"Je suis désolée Carole, je sais que c'est dur pour toi, mais je ne peux plus te parler, je suis trop jalouse".
Comment faire pour dépasser les coups bas et les trahisons, les phrases assassines et les désagrément sociales quand on est enceinte et vulnérable ? La réponse est en nous, dans le flot d'hormones qui nous guide pendant 9 mois pour nous conduire à notre bébé... Je crois sincèrement que quand on est enceinte il faut faire encore plus confiance à son corps et à ses réactions parfois étranges sur l'instant, mais qui plus tard, éclairées de nouvelles lumières, prennent tout leur sens et leur puissance.
Ma deuxième grossesse a été une véritable épreuve sur absolument tous les domaines de ma vie. J'ai été confronté à un déferlement de violence, voir de haine assez rare, pendant une des périodes de ma vie pendant laquelle j'étais la plus vulnérable et ne pouvait strictement rien y faire... Après avoir perdu un deuxième bébé quelques mois avant, j'étais bien décidé à rester concentrée sur ma grossesse et a faire venir mon enfant au monde coûte que coûte.
J'ai pu profiter des hormones guerrières de mon premier trimestre pour mettre sa race à la maîtresse du père de mes enfants que j'avais quitté en lui réglant son compte à lui aussi au passage. J'ai pu profiter de cette énergie combative pour accepter de me battre pour mon enfant et le privilégier, donc privilégier ma bonne santé mentale et physique, ce qui signifiait : pas d'énervement excessif, pas de fatigue à laquelle on ne répond pas en faisant une bonne sieste, ne pas aller au delà de ses forces physiques donc travailler avec son mental à anticiper les choses.

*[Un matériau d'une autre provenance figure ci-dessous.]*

(* Let $p$ be an odd prime and $r\geq 2$ an integer with $p\nmid r$. Let $S$ be the smallest set of positive integers such that (a) $r\in S$; (b) $n\in S$ whenever $n^{p-1}\in S$; (c) $(n+p)^{p-1}\in S$ whenever $n\in S$. Then $S=\{n\geq 2: n\not\equiv 0\pmod p\}$.
   Context: ''Smallest'' means contained in every set of positive integers satisfying (a), (b), (c). *)

From mathcomp Require Import all_boot.
Set Implicit Arguments. Unset Strict Implicit. Unset Printing Implicit Defensive.

Definition admissible (p r : nat) (T : nat -> Prop) : Prop :=
  (forall n, T n -> 0 < n) /\
  T r /\
  (forall n, T (n ^ p.-1) -> T n) /\
  (forall n, T n -> T ((n + p) ^ p.-1)).

Definition smallestS (p r : nat) (n : nat) : Prop :=
  forall T, admissible p r T -> T n.

From mathcomp Require Import all_boot.
From mathcomp Require Import cyclic.

Set Implicit Arguments.
Unset Strict Implicit.
Unset Printing Implicit Defensive.

(* Applying (c) and then (b) sends n to n + p, so an admissible set containing
   some a = 1 (mod p) contains every m >= a with m = 1 (mod p); by Fermat,
   a := (r + p)^(p-1) is such an element.  For n >= 2 prime to p the number
   n^((p-1)^a) is = 1 (mod p) and exceeds a, hence lies in the set, and a
   applications of (b) bring it back down to n.  Conversely the set of all
   n >= 2 prime to p is itself admissible. *)

Lemma fermat_little_pred p m : prime p -> ~~ (p %| m) -> m ^ p.-1 = 1 %[mod p].
Proof.
move=> p_pr p_ndvd_m; rewrite -(totient_prime p_pr) Euler_exp_totient //.
by rewrite coprime_sym prime_coprime.
Qed.

Lemma fermat_little_predM p m k :
  prime p -> ~~ (p %| m) -> m ^ (p.-1 * k) = 1 %[mod p].
Proof.
by move=> p_pr p_ndvd_m; rewrite expnM -modnXm fermat_little_pred // modnXm exp1n.
Qed.

Lemma ltn_expl_tower a b m : 1 < b -> 1 < m -> a < m ^ (b ^ a).
Proof. by move=> b_gt1 m_gt1; exact: ltn_trans (ltn_expl a b_gt1) (ltn_expl _ m_gt1). Qed.

Lemma admissible_ge2_ndvd p r :
  prime p -> 2 <= r -> ~~ (p %| r) ->
  admissible p r (fun n => 2 <= n /\ ~~ (p %| n)).
Proof.
move=> p_pr r_ge2 p_ndvd_r.
have pm1_gt0 : 0 < p.-1 by rewrite -subn1 subn_gt0 prime_gt1.
split; first by move=> n [n_ge2 _]; exact: ltnW.
split=> //; split=> n [n_ge2 p_ndvd_n].
- split; last by apply: contra p_ndvd_n; exact: dvdn_exp.
  by case: n n_ge2 {p_ndvd_n} => [|[|n]] //; rewrite ?exp0n ?exp1n.
- split; last by rewrite Euclid_dvdX // dvdn_addl // (negbTE p_ndvd_n).
  apply: leq_trans n_ge2 (leq_trans (leq_addr p n) _).
  rewrite -{1}(expn1 (n + p)) leq_pexp2l //.
  by rewrite addn_gt0 (prime_gt0 p_pr) orbT.
Qed.

Section AdmissibleClosure.

Variables (p r : nat) (T : nat -> Prop).
Hypothesis admT : admissible p r T.

Lemma admissible_addp n : T n -> T (n + p).
Proof. by case: admT => _ [_ [rootT powT]] /powT /rootT. Qed.

Lemma admissible_iter_root m j : T (m ^ (p.-1 ^ j)) -> T m.
Proof.
case: admT => _ [_ [rootT _]].
by elim: j => [|j IHj]; rewrite ?expn1 // expnSr expnM => /rootT /IHj.
Qed.

Lemma admissible_congr a m : T a -> a <= m -> m = a %[mod p] -> T m.
Proof.
move=> Ta le_am /eqP; rewrite eqn_mod_dvd // => /dvdnP [k def_k].
rewrite -(subnKC le_am) {}def_k.
elim: k => [|k IHk]; first by rewrite addn0.
by rewrite mulSnr addnA; exact: admissible_addp.
Qed.

Hypotheses (p_pr : prime p) (p_ndvd_r : ~~ (p %| r)).

Lemma admissible_one_mod : exists2 a, T a & a = 1 %[mod p].
Proof.
exists ((r + p) ^ p.-1); first by case: admT => _ [Tr [_ powT]]; exact: powT.
by rewrite fermat_little_pred // dvdn_addl.
Qed.

Lemma admissible_contains_ge2_ndvd n : 2 < p -> 2 <= n -> ~~ (p %| n) -> T n.
Proof.
move=> p_gt2 n_ge2 p_ndvd_n; have [a Ta a_mod] := admissible_one_mod.
have a_gt0 : 0 < a by case: admT => posT _; exact: posT.
have pm1_gt1 : 1 < p.-1 by rewrite -subn1 ltn_subRL.
apply: (@admissible_iter_root _ a); apply: (admissible_congr Ta).
- exact: ltnW (ltn_expl_tower a pm1_gt1 n_ge2).
- by rewrite a_mod -(prednK a_gt0) expnS fermat_little_predM.
Qed.

End AdmissibleClosure.

Theorem lemma18 (p r : nat) :
  prime p -> odd p -> 2 <= r -> ~~ (p %| r) ->
  forall n : nat, smallestS p r n <-> (2 <= n /\ n %% p != 0).
Proof.
move=> p_pr p_odd r_ge2 p_ndvd_r n; split.
- by move=> Sn; exact: Sn (admissible_ge2_ndvd p_pr r_ge2 p_ndvd_r).
- move=> [n_ge2 p_ndvd_n] T admT.
  have p_gt2 := odd_prime_gt2 p_odd p_pr.
  exact (admissible_contains_ge2_ndvd admT p_pr p_ndvd_r p_gt2 n_ge2 p_ndvd_n).
Qed.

A la fin de mon premier trimestre les choses se sont à peu près calmées et j'ai pu rentrer dans des routines plus sereines pour mes enfants et moi et continuer ma grossesse. Mon gros bidon a pointé son nez et je vivais, certes, dans le chaos et loin de chez moi, mais tout de même avec autant de plaisir que je pouvais en trouver dans cette grossesse hors norme. Mes copines me manquaient beaucoup bien sûr, j'étais réellement très attachée à elles, mais j'avais été très refroidie par leur manque de soutien et j'attendais qu'elles fassent un pas vers moi. Alors quelle ne fût pas ma joie quand une belle après midi de printemps, alors que je profitais d'un rayon de soleil dans ma prison de repos forcé j'ai vu le prénom de ma super copine de la vie s'affichait sur mon téléphone ! J'étais tellement heureuse que j'ai bondi en répondant avec un grand sourire et je m'attendais déjà à ce qu'elle me raconte tous les potins de Casablanca, qu'elle me parle des progrès de son fils ou des dernières conneries de son mari... En guise d'accueil j'ai eu droit à quelqu'un qui était venu "me dire que je m'en vais" comme dirait l'autre ^^!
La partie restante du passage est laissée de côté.